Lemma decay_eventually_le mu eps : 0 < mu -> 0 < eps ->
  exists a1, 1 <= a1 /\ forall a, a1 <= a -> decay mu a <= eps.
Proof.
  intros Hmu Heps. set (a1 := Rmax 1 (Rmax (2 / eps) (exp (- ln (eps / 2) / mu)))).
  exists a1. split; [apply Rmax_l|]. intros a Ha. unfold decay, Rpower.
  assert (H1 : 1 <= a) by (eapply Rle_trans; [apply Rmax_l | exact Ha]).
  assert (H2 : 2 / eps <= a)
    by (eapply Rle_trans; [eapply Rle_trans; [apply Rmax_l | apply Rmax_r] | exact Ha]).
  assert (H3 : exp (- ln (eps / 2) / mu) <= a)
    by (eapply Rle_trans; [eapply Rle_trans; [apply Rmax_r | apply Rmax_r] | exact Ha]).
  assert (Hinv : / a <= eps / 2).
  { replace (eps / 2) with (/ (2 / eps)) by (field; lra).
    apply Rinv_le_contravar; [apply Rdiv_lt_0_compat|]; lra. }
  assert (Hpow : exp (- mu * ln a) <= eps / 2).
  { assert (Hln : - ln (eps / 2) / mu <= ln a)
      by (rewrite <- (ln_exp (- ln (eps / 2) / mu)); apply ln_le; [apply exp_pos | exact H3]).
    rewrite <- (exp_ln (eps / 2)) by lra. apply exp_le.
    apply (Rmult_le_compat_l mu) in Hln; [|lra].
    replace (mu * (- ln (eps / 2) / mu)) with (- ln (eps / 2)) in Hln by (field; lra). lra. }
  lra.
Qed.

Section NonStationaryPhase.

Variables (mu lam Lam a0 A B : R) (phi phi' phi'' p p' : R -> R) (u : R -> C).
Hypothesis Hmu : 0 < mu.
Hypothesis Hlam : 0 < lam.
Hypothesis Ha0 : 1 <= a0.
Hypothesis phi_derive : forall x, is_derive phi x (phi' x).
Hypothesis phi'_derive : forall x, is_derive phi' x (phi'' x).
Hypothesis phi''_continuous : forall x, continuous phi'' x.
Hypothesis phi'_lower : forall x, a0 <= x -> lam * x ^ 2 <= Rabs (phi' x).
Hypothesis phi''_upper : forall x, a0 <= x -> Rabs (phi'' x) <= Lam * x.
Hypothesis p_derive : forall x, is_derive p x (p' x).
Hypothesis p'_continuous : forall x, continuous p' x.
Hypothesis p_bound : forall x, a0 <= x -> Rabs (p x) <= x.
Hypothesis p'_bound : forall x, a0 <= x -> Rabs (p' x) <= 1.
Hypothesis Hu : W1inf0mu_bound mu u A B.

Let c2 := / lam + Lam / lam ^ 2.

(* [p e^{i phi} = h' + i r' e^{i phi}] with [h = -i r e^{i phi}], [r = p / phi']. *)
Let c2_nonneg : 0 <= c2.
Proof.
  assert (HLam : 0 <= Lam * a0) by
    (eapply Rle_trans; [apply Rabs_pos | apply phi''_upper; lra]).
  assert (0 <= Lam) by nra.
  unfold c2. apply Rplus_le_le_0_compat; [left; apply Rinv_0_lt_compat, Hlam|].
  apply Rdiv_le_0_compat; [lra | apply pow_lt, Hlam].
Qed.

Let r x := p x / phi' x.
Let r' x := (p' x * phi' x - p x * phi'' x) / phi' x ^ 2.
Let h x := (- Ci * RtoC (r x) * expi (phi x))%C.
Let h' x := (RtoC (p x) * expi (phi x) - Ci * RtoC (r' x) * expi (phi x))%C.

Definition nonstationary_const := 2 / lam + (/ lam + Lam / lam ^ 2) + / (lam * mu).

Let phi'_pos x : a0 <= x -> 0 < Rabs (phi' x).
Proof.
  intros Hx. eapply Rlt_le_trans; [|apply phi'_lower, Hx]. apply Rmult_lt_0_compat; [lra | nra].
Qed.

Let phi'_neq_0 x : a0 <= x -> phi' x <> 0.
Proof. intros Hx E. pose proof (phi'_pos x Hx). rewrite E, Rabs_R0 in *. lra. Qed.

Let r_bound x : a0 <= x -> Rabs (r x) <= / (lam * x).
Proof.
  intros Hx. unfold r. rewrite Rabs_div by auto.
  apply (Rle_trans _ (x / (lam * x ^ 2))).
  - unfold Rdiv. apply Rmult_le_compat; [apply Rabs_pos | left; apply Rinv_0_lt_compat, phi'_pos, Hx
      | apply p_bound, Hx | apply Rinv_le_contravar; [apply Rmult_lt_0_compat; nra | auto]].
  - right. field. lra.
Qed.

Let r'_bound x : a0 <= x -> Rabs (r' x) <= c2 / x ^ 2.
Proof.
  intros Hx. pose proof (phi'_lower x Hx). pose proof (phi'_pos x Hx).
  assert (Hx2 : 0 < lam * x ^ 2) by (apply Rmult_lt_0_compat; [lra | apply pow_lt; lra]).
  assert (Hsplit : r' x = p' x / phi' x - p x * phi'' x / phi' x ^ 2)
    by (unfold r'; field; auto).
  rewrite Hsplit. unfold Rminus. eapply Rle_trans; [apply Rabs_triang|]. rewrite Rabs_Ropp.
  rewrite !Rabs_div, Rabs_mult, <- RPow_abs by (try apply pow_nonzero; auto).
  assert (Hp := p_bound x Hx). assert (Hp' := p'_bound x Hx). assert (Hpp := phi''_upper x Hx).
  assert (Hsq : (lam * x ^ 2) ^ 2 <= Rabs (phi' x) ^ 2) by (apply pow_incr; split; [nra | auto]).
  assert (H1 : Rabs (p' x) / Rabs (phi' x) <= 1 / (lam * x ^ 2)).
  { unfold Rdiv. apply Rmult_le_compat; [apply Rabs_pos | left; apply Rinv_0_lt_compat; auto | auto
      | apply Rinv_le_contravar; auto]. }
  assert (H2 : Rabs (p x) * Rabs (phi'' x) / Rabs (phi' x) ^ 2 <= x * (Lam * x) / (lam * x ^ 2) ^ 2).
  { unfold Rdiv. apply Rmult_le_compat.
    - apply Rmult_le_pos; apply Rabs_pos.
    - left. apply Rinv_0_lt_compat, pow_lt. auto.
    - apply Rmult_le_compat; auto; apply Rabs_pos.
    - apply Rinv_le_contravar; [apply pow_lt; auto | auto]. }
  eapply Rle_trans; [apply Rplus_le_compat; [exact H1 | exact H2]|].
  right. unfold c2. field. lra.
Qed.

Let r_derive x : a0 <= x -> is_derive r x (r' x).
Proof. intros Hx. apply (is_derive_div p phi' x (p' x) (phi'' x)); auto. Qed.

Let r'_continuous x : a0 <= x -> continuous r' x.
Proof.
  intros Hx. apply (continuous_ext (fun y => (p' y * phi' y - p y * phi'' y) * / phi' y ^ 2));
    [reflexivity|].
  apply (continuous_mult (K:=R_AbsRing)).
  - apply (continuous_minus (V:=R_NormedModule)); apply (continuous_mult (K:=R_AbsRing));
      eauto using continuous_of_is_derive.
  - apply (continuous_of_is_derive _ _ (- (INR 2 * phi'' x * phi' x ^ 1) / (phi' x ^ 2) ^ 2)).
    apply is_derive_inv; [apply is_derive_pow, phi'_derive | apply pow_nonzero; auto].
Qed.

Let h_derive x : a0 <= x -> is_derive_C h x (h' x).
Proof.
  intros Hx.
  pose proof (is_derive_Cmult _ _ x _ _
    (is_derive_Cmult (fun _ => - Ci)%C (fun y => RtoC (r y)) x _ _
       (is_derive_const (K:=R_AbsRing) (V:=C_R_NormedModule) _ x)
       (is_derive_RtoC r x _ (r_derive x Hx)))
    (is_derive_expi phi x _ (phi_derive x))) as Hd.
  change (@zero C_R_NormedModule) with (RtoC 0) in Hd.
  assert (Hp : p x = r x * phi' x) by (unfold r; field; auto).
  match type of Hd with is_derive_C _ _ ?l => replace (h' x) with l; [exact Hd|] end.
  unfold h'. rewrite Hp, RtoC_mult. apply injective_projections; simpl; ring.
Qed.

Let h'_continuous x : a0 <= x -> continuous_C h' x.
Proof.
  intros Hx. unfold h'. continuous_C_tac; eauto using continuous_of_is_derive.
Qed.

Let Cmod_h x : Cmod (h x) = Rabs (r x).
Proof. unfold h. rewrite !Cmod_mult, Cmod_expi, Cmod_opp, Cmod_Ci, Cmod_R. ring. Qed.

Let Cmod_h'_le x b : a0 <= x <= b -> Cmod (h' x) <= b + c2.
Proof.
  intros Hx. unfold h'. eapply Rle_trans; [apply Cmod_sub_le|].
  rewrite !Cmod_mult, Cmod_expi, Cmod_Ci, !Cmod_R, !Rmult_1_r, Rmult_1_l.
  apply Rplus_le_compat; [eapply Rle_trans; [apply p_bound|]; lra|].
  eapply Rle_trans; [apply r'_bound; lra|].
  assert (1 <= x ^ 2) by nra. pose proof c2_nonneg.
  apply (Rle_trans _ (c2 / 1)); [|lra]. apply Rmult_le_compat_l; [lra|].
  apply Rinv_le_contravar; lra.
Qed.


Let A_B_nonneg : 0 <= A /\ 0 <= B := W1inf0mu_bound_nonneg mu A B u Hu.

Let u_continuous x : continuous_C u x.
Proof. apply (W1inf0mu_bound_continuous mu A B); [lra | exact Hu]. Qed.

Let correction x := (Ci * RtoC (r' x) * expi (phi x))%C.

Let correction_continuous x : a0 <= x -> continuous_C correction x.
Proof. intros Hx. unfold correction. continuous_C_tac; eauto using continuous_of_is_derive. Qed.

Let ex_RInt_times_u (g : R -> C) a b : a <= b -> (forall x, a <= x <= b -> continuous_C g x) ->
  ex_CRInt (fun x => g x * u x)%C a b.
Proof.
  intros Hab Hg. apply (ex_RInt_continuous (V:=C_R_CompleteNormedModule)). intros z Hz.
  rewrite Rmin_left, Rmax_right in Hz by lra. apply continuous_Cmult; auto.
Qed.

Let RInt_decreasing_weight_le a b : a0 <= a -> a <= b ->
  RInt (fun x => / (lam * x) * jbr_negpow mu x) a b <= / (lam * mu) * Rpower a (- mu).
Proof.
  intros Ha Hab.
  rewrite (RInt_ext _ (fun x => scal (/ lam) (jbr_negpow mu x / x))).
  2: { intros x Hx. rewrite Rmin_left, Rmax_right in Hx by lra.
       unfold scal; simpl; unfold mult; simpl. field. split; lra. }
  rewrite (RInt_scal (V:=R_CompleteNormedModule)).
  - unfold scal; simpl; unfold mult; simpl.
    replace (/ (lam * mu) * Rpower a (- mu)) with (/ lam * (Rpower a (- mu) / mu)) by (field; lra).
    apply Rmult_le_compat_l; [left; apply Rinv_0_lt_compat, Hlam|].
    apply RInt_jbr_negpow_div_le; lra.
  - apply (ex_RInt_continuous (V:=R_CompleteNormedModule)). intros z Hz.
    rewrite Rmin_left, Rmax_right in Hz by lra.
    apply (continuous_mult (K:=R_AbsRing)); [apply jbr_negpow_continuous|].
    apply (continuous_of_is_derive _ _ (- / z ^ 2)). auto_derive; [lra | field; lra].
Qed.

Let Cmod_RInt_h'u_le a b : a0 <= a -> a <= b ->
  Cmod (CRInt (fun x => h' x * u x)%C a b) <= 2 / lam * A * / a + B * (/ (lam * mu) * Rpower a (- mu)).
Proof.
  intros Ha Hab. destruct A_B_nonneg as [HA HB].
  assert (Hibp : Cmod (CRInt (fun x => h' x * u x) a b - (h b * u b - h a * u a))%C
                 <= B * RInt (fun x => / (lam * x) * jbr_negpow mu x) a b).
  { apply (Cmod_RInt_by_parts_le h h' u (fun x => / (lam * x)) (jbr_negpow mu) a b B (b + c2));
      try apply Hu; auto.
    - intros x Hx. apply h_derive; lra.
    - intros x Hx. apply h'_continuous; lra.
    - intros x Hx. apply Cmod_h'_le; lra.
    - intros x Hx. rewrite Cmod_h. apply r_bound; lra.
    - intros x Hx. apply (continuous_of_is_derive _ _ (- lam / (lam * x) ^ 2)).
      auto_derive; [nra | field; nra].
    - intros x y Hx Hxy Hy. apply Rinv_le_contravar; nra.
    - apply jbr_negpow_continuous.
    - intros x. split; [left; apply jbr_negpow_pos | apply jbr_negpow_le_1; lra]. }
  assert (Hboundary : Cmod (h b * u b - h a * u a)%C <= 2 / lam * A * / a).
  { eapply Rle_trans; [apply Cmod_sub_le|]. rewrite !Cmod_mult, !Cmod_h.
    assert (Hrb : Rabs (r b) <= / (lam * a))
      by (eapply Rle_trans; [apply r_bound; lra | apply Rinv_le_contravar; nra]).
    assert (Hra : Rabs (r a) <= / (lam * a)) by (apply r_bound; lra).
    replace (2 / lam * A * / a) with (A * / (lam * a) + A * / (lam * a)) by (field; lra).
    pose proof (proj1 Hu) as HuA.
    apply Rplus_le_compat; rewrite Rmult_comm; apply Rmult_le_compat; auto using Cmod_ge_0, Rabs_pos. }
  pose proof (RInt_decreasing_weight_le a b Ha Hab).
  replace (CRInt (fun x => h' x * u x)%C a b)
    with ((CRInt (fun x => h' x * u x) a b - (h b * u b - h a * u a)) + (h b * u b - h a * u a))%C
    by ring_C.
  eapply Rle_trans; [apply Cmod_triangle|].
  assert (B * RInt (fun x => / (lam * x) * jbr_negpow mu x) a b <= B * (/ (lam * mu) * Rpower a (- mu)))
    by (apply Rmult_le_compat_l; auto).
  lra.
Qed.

= = = = =

◆ WHAT YOU NEED TO DO ◆
Each line from the beginning of the entries to the line with "Hypothesis phi''_continuous : forall" must be repeated exactly, with both end lines kept and no other lines given.

◆ SOLUTION FOR THIS EXERCISE ◆
Lemma decay_eventually_le mu eps : 0 < mu -> 0 < eps ->
  exists a1, 1 <= a1 /\ forall a, a1 <= a -> decay mu a <= eps.
Proof.
  intros Hmu Heps. set (a1 := Rmax 1 (Rmax (2 / eps) (exp (- ln (eps / 2) / mu)))).
  exists a1. split; [apply Rmax_l|]. intros a Ha. unfold decay, Rpower.
  assert (H1 : 1 <= a) by (eapply Rle_trans; [apply Rmax_l | exact Ha]).
  assert (H2 : 2 / eps <= a)
    by (eapply Rle_trans; [eapply Rle_trans; [apply Rmax_l | apply Rmax_r] | exact Ha]).
  assert (H3 : exp (- ln (eps / 2) / mu) <= a)
    by (eapply Rle_trans; [eapply Rle_trans; [apply Rmax_r | apply Rmax_r] | exact Ha]).
  assert (Hinv : / a <= eps / 2).
  { replace (eps / 2) with (/ (2 / eps)) by (field; lra).
    apply Rinv_le_contravar; [apply Rdiv_lt_0_compat|]; lra. }
  assert (Hpow : exp (- mu * ln a) <= eps / 2).
  { assert (Hln : - ln (eps / 2) / mu <= ln a)
      by (rewrite <- (ln_exp (- ln (eps / 2) / mu)); apply ln_le; [apply exp_pos | exact H3]).
    rewrite <- (exp_ln (eps / 2)) by lra. apply exp_le.
    apply (Rmult_le_compat_l mu) in Hln; [|lra].
    replace (mu * (- ln (eps / 2) / mu)) with (- ln (eps / 2)) in Hln by (field; lra). lra. }
  lra.
Qed.

Section NonStationaryPhase.

Variables (mu lam Lam a0 A B : R) (phi phi' phi'' p p' : R -> R) (u : R -> C).
Hypothesis Hmu : 0 < mu.
Hypothesis Hlam : 0 < lam.
Hypothesis Ha0 : 1 <= a0.
Hypothesis phi_derive : forall x, is_derive phi x (phi' x).
Hypothesis phi'_derive : forall x, is_derive phi' x (phi'' x).
Hypothesis phi''_continuous : forall x, continuous phi'' x.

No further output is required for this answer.